Kourosh lässt den Motor laufen, steht im Halteverbot. Ich hieve meinen Rucksack auf die Rückbank, steige ein und blicke in ein attraktives Gesicht. „Hi, I’m Kourosh.“ Lachfalten kräuseln sich um seine braunen Augen. Und ich beginne zu stottern, werde kleinmädchenschüchtern. Außer ein wenig englisches Gefasel vergesse ich sämtliche Worte. Ich beschränke mich aufs Lächeln.
Kourosh trägt mein Gepäck in ein freies Apartment. Er wohnt ein Stockwerk tiefer. Er lädt mich zum Frühstück am nächsten Morgen ein.

Fladenbrot, Frischkäse, Spiegeleier und schwarzer Tee. Während Kourosh aufdeckt, sitzt die zierliche Mutter auf dem Sofa und schaut eine iranische Spielshow. Ich winke ihr zu. Sie winkt zurück. “What’s your plan for today?” fragt mich Kourosh. Ich weiß es nicht. Ich glaube, ich wusste es. Aber ich vergesse auch das. Kourosh grinst smart und schreibt die wichtigsten Sehenswürdigkeiten in Shiraz auf einen Zettel. In Englisch für mich und in Farsi für die Taxifahrer. Und am Abend wolle er mich auf eine Party mitnehmen. Mein Blick vergräbt sich in sein persisches Gesicht. Die schwarzen Brauen, die geschwungenen Züge, die angegrauten Schläfen und in den Augen ein Licht, das brennt. „Okay.“ sage ich. Mehr fällt mir nicht ein.
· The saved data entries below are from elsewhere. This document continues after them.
Lemma tile_dirE (P : int) a b : covers P (a, b) -> tile_dir P = kappa a.
Proof.
move=> cov; rewrite /tile_dir; case: pickP => [[a' b'] cov' | /(_ (a, b))]; last by rewrite cov.
case/and3P: cov => /= aA bB Pab; case/and3P: cov' => /= a'A b'B Pab'.
suff [-> _] : (a', b') = (a, b) by [].
apply: (tiling_uniq htile a'A b'B aA bB); apply/eqP; rewrite -dvdz_natmod.
have -> : (a' + b')%N%:Z - (a + b)%N%:Z = (P - (a + b)%N%:Z) - (P - (a' + b')%N%:Z) by ring.
exact: rpredB.
Qed.

Lemma tile_dir_fiber D (q : 'I_3 -> nat) p (P t : int) a b : kappa_spec M D q A kappa ->
  covers P (a, b) -> (0 < p)%N -> (p %| M)%N -> (D %| M %/ p)%N -> fiber M p a \subset A ->
  tile_dir (P + t * (M %/ p)%:Z) = kappa a.
Proof.
move=> [kappa_grid _] cov p_gt0 pM DMp /subsetP fibA.
case/and3P: cov => /= aA bB Pab; have [y ya ydiv] := fiber_shift a t p_gt0 pM.
rewrite (kappa_grid a y aA (fibA y ya) (fiber_grid pM DMp ya)).
apply: (tile_dirE _ y b); rewrite /covers fibA //= bB.
have -> : P + t * (M %/ p)%:Z - (y + b)%N%:Z
          = (P - (a + b)%N%:Z) - (y%:Z - (a%:Z + t * (M %/ p)%:Z)) by ring.
exact: rpredB.
Qed.

Lemma SigmaA_cover Z a : a \in SigmaA M A B Z ->
  exists2 z : 'I_M, z \in Z & exists b, covers z (a, b).
Proof.
rewrite inE => /andP [aA /existsP [b /andP [bB /existsP [z /andP [zZ /eqP zab]]]]].
by exists z => //; exists b; rewrite /covers /= aA bB dvdz_natmod zab modn_mod eqxx.
Qed.

End TileDirection.

Arguments tile_cover {M A B} htile P.
Arguments tile_dirE {M A B kappa} htile {P a b}.
Arguments tile_dir_fiber {M A B kappa} htile {D q p P} t {a b}.
Arguments SigmaA_cover {M A B Z a}.
Arguments tile_dir_mod {M A B kappa P P'}.

Lemma dvdz_comb3 {D p0 p1 p2 : nat} {w : int} :
  coprime p0 p1 -> coprime p0 p2 -> coprime p1 p2 -> (D%:Z %| w)%Z ->
  exists s t u : int,
    w = s * (D * (p1 * p2))%N%:Z + t * (D * (p0 * p2))%N%:Z + u * (D * (p0 * p1))%N%:Z.
Proof.
move=> c01 c02 c12 /dvdzP [k ->].
have /coprimezP [[u v] /= uv1] : coprimez p0%:Z (p1 * p2)%N%:Z by rewrite coprimezE coprimeMr c01.
have /coprimezP [[x y] /= xy1] : coprimez p1%:Z p2%:Z by rewrite coprimezE.
exists (k * v), (k * u * y), (k * u * x).
have -> : k * D%:Z = k * D%:Z * (u * p0%:Z * (x * p1%:Z + y * p2%:Z) + v * (p1 * p2)%N%:Z).
  by rewrite xy1 mulr1 uv1 mulr1.
by rewrite !PoszM; ring.
Qed.

Section DirectionsInAGrid.

Context {q : 'I_3 -> nat} {D M : nat} {A B : {set 'I_M}} {kappa : 'I_M -> 'I_3}.
Hypotheses (q_gt0 : forall nu, (0 < q nu)%N)
  (q_coprime : forall nu mu : 'I_3, nu != mu -> coprime (q nu) (q mu))
  (M_gt0 : (0 < M)%N) (M_def : M = (D * (q d0 * q d1 * q d2))%N)
  (htile : tiling M A B) (hkappa : kappa_spec M D q A kappa).

Let m (nu : 'I_3) : int := (M %/ q nu)%N%:Z.
Local Notation c := (tile_dir M A B kappa).
Local Notation Sig z0 := (SigmaA M A B (grid M D z0)).

Lemma quo_d0 : (M %/ q d0 = D * (q d1 * q d2))%N.
Proof. by rewrite M_def (_ : (D * _ = D * (q d1 * q d2) * q d0)%N) ?mulnK //; ring. Qed.

Lemma quo_d1 : (M %/ q d1 = D * (q d0 * q d2))%N.
Proof. by rewrite M_def (_ : (D * _ = D * (q d0 * q d2) * q d1)%N) ?mulnK //; ring. Qed.

Lemma quo_d2 : (M %/ q d2 = D * (q d0 * q d1))%N.
Proof. by rewrite M_def (_ : (D * _ = D * (q d0 * q d1) * q d2)%N) ?mulnK //; ring. Qed.

Lemma q_dvdM nu : (q nu %| M)%N.
Proof.
rewrite M_def; apply: dvdn_mull; case: (ord3P nu) => ->.
- by rewrite -mulnA dvdn_mulr.
- by rewrite mulnAC dvdn_mull.
- exact: dvdn_mull.
Qed.

Lemma D_dvd_quo nu : (D %| M %/ q nu)%N.
Proof. by case: (ord3P nu) => ->; rewrite ?quo_d0 ?quo_d1 ?quo_d2 dvdn_mulr. Qed.

Lemma grid_decomp {z0 z : 'I_M} : z \in grid M D z0 ->
  exists s t u : int, z%:Z = z0%:Z + s * m d0 + t * m d1 + u * m d2.
Proof.
rewrite grid_dvdz.
move=> /(dvdz_comb3 (q_coprime d0 d1 isT) (q_coprime d0 d2 isT) (q_coprime d1 d2 isT)).
case=> s [t [u E]]; exists s, t, u.
by rewrite /m quo_d0 quo_d1 quo_d2 -[z%:Z](subrK z0%:Z) E; ring.
Qed.

Lemma tile_dir_line (x t : int) : c (x + t * m (c x)) = c x.
Proof.
have [[a b] cov] := tile_cover htile x M_gt0; rewrite (tile_dirE htile cov).
have aA : a \in A by case/and3P: cov.
have /setIdP [_ fibA] := kappa_fullfib hkappa aA.
exact: (tile_dir_fiber htile t hkappa cov (q_gt0 _) (q_dvdM _) (D_dvd_quo _) fibA).
Qed.

Lemma Sig_kappa_coords z0 a : a \in Sig z0 ->
  exists s t u : int, c (z0%:Z + s * m d0 + t * m d1 + u * m d2) = kappa a.
Proof.
case/SigmaA_cover => z zL [b cov]; have [s [t [u E]]] := grid_decomp zL.
by exists s, t, u; rewrite -E (tile_dirE htile cov).
Qed.

Lemma Sig_kappa_d0 z0 a : a \in Sig z0 ->
  a \in fullfib M (q d1) A -> a \in fullfib M (q d2) A -> kappa a = d0 ->
  forall a', a' \in Sig z0 -> kappa a' = d0.
Proof.
case/SigmaA_cover => z zL [b cov] /setIdP [_ F1] /setIdP [_ F2] ka a'.
case/Sig_kappa_coords => s' [t' [u' <-]].
have line nu : fiber M (q nu) a \subset A -> forall t : int, c (z%:Z + t * m nu) = d0.
  move=> F t; rewrite -ka.
  exact: (tile_dir_fiber htile t hkappa cov (q_gt0 _) (q_dvdM _) (D_dvd_quo _) F).
have [s [t [u Ez]]] := grid_decomp zL.
have -> : z0%:Z + s' * m d0 + t' * m d1 + u' * m d2
          = z%:Z + (s' - s) * m d0 + (t' - t) * m d1 + (u' - u) * m d2 by rewrite Ez; ring.
exact: (cube_monochrome tile_dir_line _ _ _ (line _ F1) (line _ F2)).
Qed.

Lemma Sig_kappa_missing z0 : exists nu : 'I_3, forall a, a \in Sig z0 -> kappa a != nu.
Proof.
case: (pickP (fun nu => [forall a in Sig z0, kappa a != nu])) => [nu /forall_inP | none].
  by exists nu.
have hit nu : exists s t u : int, c (z0%:Z + s * m d0 + t * m d1 + u * m d2) = nu.
  by have /forall_inPn [a aS /negPn /eqP <-] := negbT (none nu); apply: Sig_kappa_coords.
have [s0 [t0 [u0 c0]]] := hit d0; have [s1 [t1 [u1 c1]]] := hit d1.
by have [s2 [t2 [u2 c2]]] := hit d2; case: (no_rainbow tile_dir_line c0 c1 c2).
Qed.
Die Party ist in einem schicken Apartment, das auch in New York oder London als schick gelten würde. Die Leute sind schön und sympathisch. Es gibt Rohkost, Joghurt, laute Musik, Whiskey, selbst gemachten Wein und Joints.

Ich bin natürlich underdressed. Außer ein paar islamischen Hijabs habe ich nichts im Koffer. Verwirrt bin ich auch. Der Iran widerspricht sämtlichen westlichen Klischees. Nicht überall lauern die Mullahs. Nicht überall steht eine Atomanlage und viele Iraner haben noch nie im Koran gelesen.

Hier im schicken Apartment ist, wie so oft, von der vermeintlichen Achse des Bösen nichts zu spüren.

Mit diesem leidigen Begriff hat der damalige US-Präsident George W. Bush den Iran als Schurkenstaat stigmatisiert. Es gab jedoch nie eine Achse, denn Iran, Irak und Nordkorea pflegten keine Allianz und auch wurde diese Bezeichnung mittlerweile relativiert. Iran und Amerika sind unausgesprochene Verbündete im Kampf gegen die Taliban in Afghanistan und den sogenannten Islamischen Staat (IS) im Irak und in Syrien geworden. Atomdeals werden geschlossen, Sanktionen aufgehoben. Doch in den westlichen Köpfen hat sich die Achse des Bösen festgezeckt.

Trotz all der berechtigten Kritik an Bushs Äußerung, bleibt das iranische Regime dennoch restriktiv und verletzt tagtäglich Menschenrechte. Das darf und muss immer wieder laut skandiert werden. Ein Ponyhof ist das hier ganz und gar nicht.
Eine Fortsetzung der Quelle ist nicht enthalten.